[SOLVED] NLLLoss not zero for indentical input and target

JohnCwok · August 28, 2019, 8:58am

I noticed a strange thing with the following input tensor (the 1 is at position 62) :

tensor([[0., 0., 0., 0., 0., 0., 0., 0., 0., 0., 0., 0., 0., 0., 0., 0., 0., 0.,
         0., 0., 0., 0., 0., 0., 0., 0., 0., 0., 0., 0., 0., 0., 0., 0., 0., 0.,
         0., 0., 0., 0., 0., 0., 0., 0., 0., 0., 0., 0., 0., 0., 0., 0., 0., 0.,
         0., 0., 0., 0., 0., 0., 0., 0., 1., 0., 0., 0., 0., 0., 0., 0., 0., 0.,
         0., 0., 0., 0., 0., 0., 0., 0., 0., 0., 0., 0., 0., 0., 0., 0., 0., 0.,
         0., 0., 0., 0., 0., 0., 0., 0., 0.]])

and target :

tensor([62])

the following commands gives the following output :

crit = nn.NLLLoss()
soft = nn.Softmax(dim = 1)

crit(input[0,:].unsqueeze(0),target[0].unsqueeze(0))
Out[120]: tensor(-1.)

crit(soft(input[0].unsqueeze(0)),target[0].unsqueeze(0))
Out[135]: tensor(-0.0270)

This is not zero but it should be… why is that so ? The unsqueeze are here so that NLLLoss is satisfied by input dimensions,

SoucheChapich · August 28, 2019, 9:16am

Hello,

I think, NLLLoss() works with log probabilities so you should use a LogSoftmax() instead of Softmax().

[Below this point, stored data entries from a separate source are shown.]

(* Let $n\geq 2$ be an integer and let $G$ be a tree of order $m\geq 3$. Then $\chi_{ld}(G[\overline{K_{n}}])=2$ if and only if $G$ is a star $K_{1,m-1}$.
   Context: All graphs are finite, simple and undirected. For a graph $G=(V,E)$ of order $N$ without isolated vertices, a bijection $f\colon V\to\{1,2,\dots,N\}$ is a local distance antimagic labeling if $w(u)\neq w(v)$ for every edge $uv$, where $w(u)=\sum_{x\in N(u)}f(x)$ and $N(u)$ is the open neighborhood of $u$. $\chi_{ld}(G)$ is the minimum number of distinct weights over all local distance antimagic labelings of $G$. $\overline{K_n}$ is the edgeless graph on $n$ vertices. The lexicographic product $G[H]$ has vertex set $V(G)\times V(H)$, with $(g,h)$ adjacent to $(g',h')$ iff $gg'\in E(G)$, or $g=g'$ and $hh'\in E(H)$. *)

From mathcomp Require Import all_boot.
Set Implicit Arguments. Unset Strict Implicit. Unset Printing Implicit Defensive.

Definition simple_graph (T : finType) (e : rel T) : Prop :=
  symmetric e /\ irreflexive e.

Definition connected_graph (T : finType) (e : rel T) : Prop :=
  forall x y : T, connect e x y.

Definition acyclic_graph (T : finType) (e : rel T) : Prop :=
  ~ exists s : seq T, [/\ uniq s, 3 <= size s & cycle e s].

Definition is_tree (T : finType) (e : rel T) : Prop :=
  connected_graph e /\ acyclic_graph e.

Definition is_star (T : finType) (e : rel T) : Prop :=
  exists c : T, forall u v : T, e u v = (u != v) && ((u == c) || (v == c)).

Definition edgeless (U : finType) : rel U := fun _ _ => false.

Definition lexprod (T U : finType) (e : rel T) (h : rel U) : rel (T * U) :=
  fun p q => e p.1 q.1 || ((p.1 == q.1) && h p.2 q.2).

Definition weight (V : finType) (e : rel V) (f : V -> nat) (u : V) : nat :=
  \sum_(x : V | e u x) f x.

Definition is_labeling (V : finType) (f : V -> nat) : Prop :=
  injective f /\ forall v, 1 <= f v <= #|V|.

Definition no_isolated (V : finType) (e : rel V) : Prop :=
  forall u : V, exists v : V, e u v.

Definition is_ld_antimagic (V : finType) (e : rel V) (f : V -> nat) : Prop :=
  is_labeling f /\ forall u v : V, e u v -> weight e f u != weight e f v.

Definition num_weights (V : finType) (e : rel V) (f : V -> nat) : nat :=
  size (undup [seq weight e f u | u <- enum V]).

Definition chi_ld_is (V : finType) (e : rel V) (k : nat) : Prop :=
  no_isolated e /\
  (exists f, is_ld_antimagic e f /\ num_weights e f = k) /\
  (forall f, is_ld_antimagic e f -> k <= num_weights e f).

(* In G[K_n-bar] the weight of (g, i) is the sum, over the neighbours g' of g,
   of the fibre sums S(g') = f(g', 0) + ... + f(g', n-1).  If the tree G is not
   a star it contains a path on four vertices; extending it to a maximal path
   yields a leaf b with neighbour v1, a neighbour v2 of v1 and a neighbour
   v3 <> v1 of v2.  Then w(b) = S(v1) < S(v1) + S(v3) <= w(v2), and w(v1)
   differs from both as v1 is adjacent to b and v2: three weights.  On a star
   with centre c each leaf has weight S(c) and the centre the sum of all other
   fibre sums, so a labeling giving the fibre of c the n smallest labels has
   exactly two weights. *)

From mathcomp Require Import all_boot.
From mathcomp Require Import perm zify.

Set Implicit Arguments.
Unset Strict Implicit.
Unset Printing Implicit Defensive.

Section Trees.
Variables (T : finType) (e : rel T).
Hypotheses (e_sym : symmetric e) (e_irr : irreflexive e).

Lemma maximal_path_extension a t : uniq (a :: t) -> path e a t ->
  exists b u, [/\ uniq (b :: u), path e b u, size t <= size u
                & forall y, e b y -> y \in b :: u].
Proof.
have [k] := ubnP (#|T| - size t); elim: k a t => // k IH a t lt_k uq pt.
case: (boolP [exists y, e a y && (y \notin a :: t)]); last first.
  move/existsPn=> saturated; exists a, t; split=> // y eay.
  by move: (saturated y); rewrite eay negbK.
case/existsP=> y /andP[eay y_new].
have uq' : uniq (y :: a :: t) by rewrite /= y_new.
have size_le : size (y :: a :: t) <= #|T| by rewrite -(card_uniqP uq') max_card.
have pt' : path e y (a :: t) by rewrite /= e_sym eay.
have [|b [u [uq_b pt_b size_u nb_b]]] := IH y (a :: t) _ uq' pt'.
  by move: size_le lt_k => /=; lia.
by exists b, u; split=> //; apply: leq_trans size_u.
Qed.

Lemma maximal_path_head_leaf b v u : acyclic_graph e ->
    uniq (b :: v :: u) -> path e b (v :: u) ->
  (forall y, e b y -> y \in b :: v :: u) -> forall y, e b y -> y = v.
Proof.
move=> acyc uq pt nb y eby.
have y_in : y \in v :: u.
  by move: (nb y eby); rewrite inE => /predU1P[E|//]; rewrite E e_irr in eby.
have [p1 [p2 def_vu]] : exists p1 p2, v :: u = p1 ++ y :: p2.
  by case/splitPr: y_in => p1 p2; exists p1, p2.
case: p1 def_vu => [[->]//|a p def_vu]; rewrite def_vu in uq pt.
case: acyc; exists (b :: rcons (a :: p) y); split.
- apply: subseq_uniq uq; rewrite /= eqxx -cats1 eqxx.
  by apply: cat_subseq (subseq_refl _) _; rewrite /= eqxx sub0seq.
- by rewrite /= size_rcons.
- move: pt => /= /andP[-> ]; rewrite cat_path /= => /andP[pp /andP[ey _]].
  by rewrite !rcons_path last_rcons pp ey e_sym eby.
Qed.

Lemma pendant_path_of_P4 x y z u : acyclic_graph e ->
    e x y -> e y z -> e z u -> x != z -> y != u ->
  exists b v1 v2 v3,
    [/\ forall w, e b w -> w = v1, e b v1, e v1 v2, e v2 v3 & v3 != v1].
Proof.
move=> acyc exy eyz ezu xz yu.
have ne_of_edge a c : e a c -> a != c by apply: contraTneq => ->; rewrite e_irr.
have xu : x != u.
  apply/eqP=> xu; subst u; apply: acyc; exists [:: x; y; z].
  by rewrite /= !inE !negb_or exy eyz ezu xz !ne_of_edge.
have uq : uniq [:: x; y; z; u] by rewrite /= !inE !negb_or xz xu yu !ne_of_edge.
have pt : path e x [:: y; z; u] by rewrite /= exy eyz ezu.
have [b [[|v1 [|v2 [|v3 w]]] [uq_b pt_b size_w nb_b]]] :=
  maximal_path_extension uq pt => //.
have v31 : v3 != v1 by apply: contraTneq uq_b => ->; rewrite /= !inE eqxx !orbT andbF.
have leaf := maximal_path_head_leaf acyc uq_b pt_b nb_b.
by move: pt_b => /= /and4P[ebv1 ev12 ev23 _]; exists b, v1, v2, v3.
Qed.

Hypothesis con : connected_graph e.

Lemma connected_closed_everywhere (P : pred T) x :
  P x -> (forall a b, P a -> e a b -> P b) -> forall y, P y.
Proof.
move=> Px clP y; have /connectP[p + ->] := con x y.
by elim: p x Px => //= a p IH x Px /andP[exa]; apply: IH (clP _ _ Px exa).
Qed.

Hypothesis P4free :
  forall x y z u, e x y -> e y z -> e z u -> x != z -> y != u -> False.

Lemma star_of_P4free_branching y z1 z2 :
  e y z1 -> e y z2 -> z1 != z2 -> is_star e.
Proof.
move=> eyz1 eyz2 z12.
have nb_leaf u q : e y u -> e u q -> q = y.
  move=> eyu euq; apply/eqP; apply/negPn/negP => qy.
  have [z eyz zu] : exists2 z, e y z & z != u.
    by case: (eqVneq z1 u) => [<-|]; [exists z2; rewrite // eq_sym | exists z1].
  by apply: (P4free _ eyu euq zu); rewrite 1?e_sym 1?eq_sym.
have near_y v : (v == y) || e y v.
  apply: (@connected_closed_everywhere [pred v | (v == y) || e y v] y) => /=.
    by rewrite eqxx.
  by move=> a b /orP[/eqP-> ->|eya /(nb_leaf a b eya)->]; rewrite ?eqxx ?orbT.
exists y => u v; apply/idP/andP => [euv | [uv]].
  have uv : u != v by apply: contraTneq euv => E; rewrite E e_irr.
  split=> //; case/orP: (near_y u) => [->//|/nb_leaf/(_ euv)->].
  by rewrite eqxx orbT.
case/orP=> /eqP E; rewrite E in uv *.
  by case/orP: (near_y v) => [/eqP E'|//]; rewrite E' eqxx in uv.
by case/orP: (near_y u) => [/eqP E'|]; [rewrite E' eqxx in uv | rewrite e_sym].
Qed.

Lemma card_le2_of_degree_le1 :
  (forall y z1 z2, e y z1 -> e y z2 -> z1 = z2) -> #|T| <= 2.
Proof.
move=> deg1; case: (posnP #|T|) => [->//|/card_gt0P[x _]].
have near_x v : (v == x) || e x v.
  apply: (@connected_closed_everywhere [pred v | (v == x) || e x v] x) => /=.
    by rewrite eqxx.
  move=> a b /orP[/eqP-> ->|exa eab]; first by rewrite orbT.
  by rewrite (deg1 a b x eab) ?eqxx // e_sym.
case: (pickP (e x)) => [y exy | no_nb].
  apply: (@leq_trans #|[set x; y]|); last by rewrite cards2; case: (x != y).
  apply/subset_leq_card/subsetP => v _.
  by case/orP: (near_x v) => [/eqP->|/(deg1 _ _ _ exy)<-]; rewrite !inE eqxx ?orbT.
apply: (@leq_trans #|[set x]|); last by rewrite cards1.
apply/subset_leq_card/subsetP => v _.
by case/orP: (near_x v) => [/eqP->|]; rewrite ?inE ?eqxx ?no_nb.
Qed.

Lemma star_of_P4free : 3 <= #|T| -> is_star e.
Proof.
move=> T_ge3.
case: (boolP [exists y, exists z1, exists z2, [&& e y z1, e y z2 & z1 != z2]]).
  case/existsP=> y /existsP[z1 /existsP[z2 /and3P[]]].
  exact: star_of_P4free_branching.
move/existsPn=> no_branch; suff: #|T| <= 2 by rewrite leqNgt T_ge3.
apply: card_le2_of_degree_le1 => y z1 z2 eyz1 eyz2; apply/eqP.
by move: (no_branch y) => /existsPn/(_ z1)/existsPn/(_ z2); rewrite eyz1 eyz2 negbK.
Qed.

End Trees.

Lemma leq_size_undup_map (V : finType) (R : eqType) (w : V -> R) (s : seq V) :
  uniq (map w s) -> size s <= size (undup [seq w u | u <- enum V]).
Proof.
move=> uq; rewrite -(size_map w); apply: uniq_leq_size uq _ => _ /mapP[u _ ->].
by rewrite mem_undup map_f ?mem_enum.
Qed.

Lemma size_undup_map_leq (V : finType) (R : eqType) (w : V -> R) (ws : seq R) :
  (forall u, w u \in ws) -> size (undup [seq w u | u <- enum V]) <= size ws.
Proof.
move=> ws_w; apply: uniq_leq_size (undup_uniq _) _ => x.
by rewrite mem_undup => /mapP[u _ ->].
Qed.

Lemma num_weights_ge2 (V : finType) (e : rel V) f u v :
  is_ld_antimagic e f -> e u v -> 2 <= num_weights e f.
Proof.
move=> [_ am] euv; apply: (leq_size_undup_map (s := [:: u; v])).
by rewrite /= inE am.
Qed.

Lemma exists_rank_zero_at (T : finType) (c : T) :
  exists r : T -> nat, [/\ injective r, forall g, r g < #|T| & r c = 0].
Proof.
have T_gt0 : 0 < #|T| by apply/card_gt0P; exists c.
pose c0 := enum_val (Ordinal T_gt0 : 'I_#|T|).
exists (fun g => enum_rank (tperm c c0 g) : nat); split=> [g g' | g |].
- by move/val_inj/enum_rank_inj/perm_inj.
- exact: ltn_ord.
- by rewrite tpermL enum_valK.
Qed.

Definition star_centred_at (T : finType) (e : rel T) (c : T) : Prop :=
  forall u v, e u v = (u != v) && ((u == c) || (v == c)).

Section LexprodEdgeless.
Variables (T : finType) (e : rel T) (n : nat).
Local Notation Gn := (lexprod e (@edgeless 'I_n)).

Definition fibre_sum (f : T * 'I_n -> nat) (g : T) : nat := \sum_(j < n) f (g, j).

Lemma weight_lexprod_edgeless f g i :
  weight Gn f (g, i) = \sum_(g' | e g g') fibre_sum f g'.
Proof.
rewrite /weight /lexprod /edgeless /= pair_big_dep /=.
by apply: eq_big => [[a b]|[a b] _] /=; rewrite ?andbF ?orbF ?andbT.
Qed.

Lemma three_weights_of_pendant_path f (i : 'I_n) b v1 v2 v3 : symmetric e ->
    is_ld_antimagic Gn f -> (forall w, e b w -> w = v1) ->
    e b v1 -> e v1 v2 -> e v2 v3 -> v3 != v1 ->
  3 <= num_weights Gn f.
Proof.
move=> e_sym [[_ f_ge1] am] leaf ebv1 ev12 ev23 v31.
have w_b : weight Gn f (b, i) = fibre_sum f v1.
  rewrite weight_lexprod_edgeless (eq_bigl (pred1 v1)) ?big_pred1_eq // => g.
  by apply/idP/eqP => [/leaf|->].
have fs_v3 : 0 < fibre_sum f v3.
  by rewrite /fibre_sum (bigD1 i) //= addn_gt0; case/andP: (f_ge1 (v3, i)) => ->.
have w_v2 : fibre_sum f v1 + fibre_sum f v3 <= weight Gn f (v2, i).
  have ev21 : e v2 v1 by rewrite e_sym.
  rewrite weight_lexprod_edgeless (bigD1 v1) // (bigD1 v3) /= ?ev23 ?v31 //.
  by rewrite addnA leq_addr.
have edge g g' : e g g' -> Gn (g, i) (g', i) by rewrite /lexprod /= => ->.
apply: (leq_size_undup_map (s := [:: (b, i); (v1, i); (v2, i)])).
have := am _ _ (edge _ _ ebv1); have := am _ _ (edge _ _ ev12).
rewrite /= !inE !negb_or => -> ->; rewrite w_b neq_ltn (leq_trans _ w_v2) //.
by rewrite -addn1 leq_add2l.
Qed.

Lemma weight_lexprod_star f c : star_centred_at e c -> forall p,
  weight Gn f p = if p.1 == c then \sum_(g | g != c) fibre_sum f g else fibre_sum f c.
Proof.
move=> hc [g i]; rewrite weight_lexprod_edgeless /=; case: (eqVneq g c) => [->|gc].
  by apply: eq_bigl => g'; rewrite hc eqxx orTb andbT eq_sym.
rewrite (eq_bigl (pred1 c)) ?big_pred1_eq // => g'.
by rewrite hc (negbTE gc) /=; case: (eqVneq g' c) => [->|]; rewrite ?andbT ?andbF ?gc.
Qed.

Lemma star_num_weights_le2 f c : star_centred_at e c -> num_weights Gn f <= 2.
Proof.
move=> hc; rewrite /num_weights.
pose ws := [:: \sum_(g | g != c) fibre_sum f g; fibre_sum f c].
apply: (size_undup_map_leq (ws := ws)) => p.
by rewrite (weight_lexprod_star _ hc) !inE; case: ifP; rewrite eqxx ?orbT.
Qed.

Lemma star_ld_antimagic f c : star_centred_at e c -> is_labeling f ->
  fibre_sum f c != \sum_(g | g != c) fibre_sum f g -> is_ld_antimagic Gn f.
Proof.
move=> hc f_lab ne; split=> // [[g i] [g' i']].
rewrite /lexprod /edgeless /= andbF orbF hc !(weight_lexprod_star _ hc) /=.
case/andP=> gg' /orP[]/eqP E; rewrite E eqxx /= in gg' *.
  by rewrite eq_sym in gg'; rewrite (negbTE gg') eq_sym.
by rewrite (negbTE gg').
Qed.

Definition block_label (r : T -> nat) (p : T * 'I_n) : nat := (r p.1 * n + p.2).+1.

Lemma block_label_is_labeling r :
  injective r -> (forall g, r g < #|T|) -> is_labeling (block_label r).
Proof.
move=> r_inj r_lt; split=> [[g i] [g' i'] /= [] E | [g i]]; last first.
  rewrite /block_label /= card_prod card_ord.
  by have := r_lt g; have := ltn_ord i; nia.
have n_gt0 : 0 < n := leq_ltn_trans (leq0n i) (ltn_ord i).
have ii' : i = i' :> nat by have := congr1 (modn^~ n) E; rewrite !modnMDl !modn_small.
move: E; rewrite ii' => /addIn/eqP; rewrite eqn_pmul2r // => /eqP/r_inj->.
by congr pair; apply: val_inj.
Qed.

Lemma fibre_sum_block_label r g :
  fibre_sum (block_label r) g = n * (r g * n) + \sum_(j < n) j.+1.
Proof.
rewrite /fibre_sum /block_label /=; under eq_bigr do rewrite -addnS.
by rewrite big_split /= sum_nat_const card_ord.
Qed.

Lemma chi_ld_lexprod_star : is_star e -> 1 < #|T| -> 0 < n -> chi_ld_is Gn 2.
Proof.
move=> [c hc] T_gt1 n_gt0; pose i0 : 'I_n := Ordinal n_gt0.
have /card_gt0P[g1] : 0 < #|predC1 c| by rewrite cardC1 -subn1 subn_gt0.
rewrite inE => g1c; have ecg1 : e c g1 by rewrite hc eq_sym g1c eqxx.
have edge : Gn (c, i0) (g1, i0) by rewrite /lexprod /= ecg1.
have [r [r_inj r_lt r_c]] := exists_rank_zero_at c.
pose f := block_label r.
have fs_lt : fibre_sum f c < \sum_(g | g != c) fibre_sum f g.
  rewrite (bigD1 g1) //= !fibre_sum_block_label r_c mul0n muln0 add0n.
  apply: leq_trans (leq_addr _ _); rewrite -[X in X < _]add0n ltn_add2r.
  by rewrite !muln_gt0 n_gt0 lt0n -r_c (inj_eq r_inj) g1c.
have f_am : is_ld_antimagic Gn f.
  apply: star_ld_antimagic hc (block_label_is_labeling r_inj r_lt) _.
  exact: negbT (ltn_eqF fs_lt).
split; [|split].
- move=> [g i]; exists (if g == c then g1 else c, i); rewrite /lexprod /= hc.
  case: (eqVneq g c) => [->|gc]; first by rewrite eq_sym g1c.
  by rewrite gc eqxx orbT.
- exists f; split=> //; apply/eqP.
  by rewrite eqn_leq (star_num_weights_le2 _ hc) (num_weights_ge2 f_am edge).
- by move=> f' f'_am; apply: num_weights_ge2 f'_am edge.
Qed.

End LexprodEdgeless.

Theorem mainTheorem9 (n : nat) (T : finType) (e : rel T) :
  simple_graph e -> 2 <= n -> 3 <= #|T| -> is_tree e ->
  (chi_ld_is (lexprod e (@edgeless 'I_n)) 2 <-> is_star e).
Proof.
move=> [e_sym e_irr] n_ge2 T_ge3 [con acyc]; have n_gt0 : 0 < n := ltnW n_ge2.
split=> [[_ [[f [f_am f_num]] _]] | star_e]; last first.
  exact: chi_ld_lexprod_star star_e (ltnW T_ge3) n_gt0.
apply: (star_of_P4free e_sym e_irr con) T_ge3 => x y z u exy eyz ezu xz yu.
have [b [v1 [v2 [v3 [leaf ebv1 ev12 ev23 v31]]]]] :=
  pendant_path_of_P4 e_sym e_irr acyc exy eyz ezu xz yu.
have := three_weights_of_pendant_path (Ordinal n_gt0) e_sym f_am
  leaf ebv1 ev12 ev23 v31.
by rewrite f_num.
Qed.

SoucheChapich · August 28, 2019, 9:39am

But from the documentation: https://pytorch.org/docs/stable/nn.html you can see that the LogSoftmax() will compute LogSoftmax(xi)=log(exp(xi) / ∑_j exp(xj)). So you are summing 61 times exp(0) = 1 + exp(1) = e in your case. So the behavior is normal. So basically, if you want your loss to be 0, the number at the 62th item should be really high compared to the other ones. Try to put 20 instead of 1 and you will have a loss with 0 value.

Just tell me if I was not clear enough.

JohnCwok · August 28, 2019, 12:00pm

Changing the value of 1 to a higher value solved the issue, thanks for the help. So I guess I can safely implement what I had in mind, the loss will behave as expected.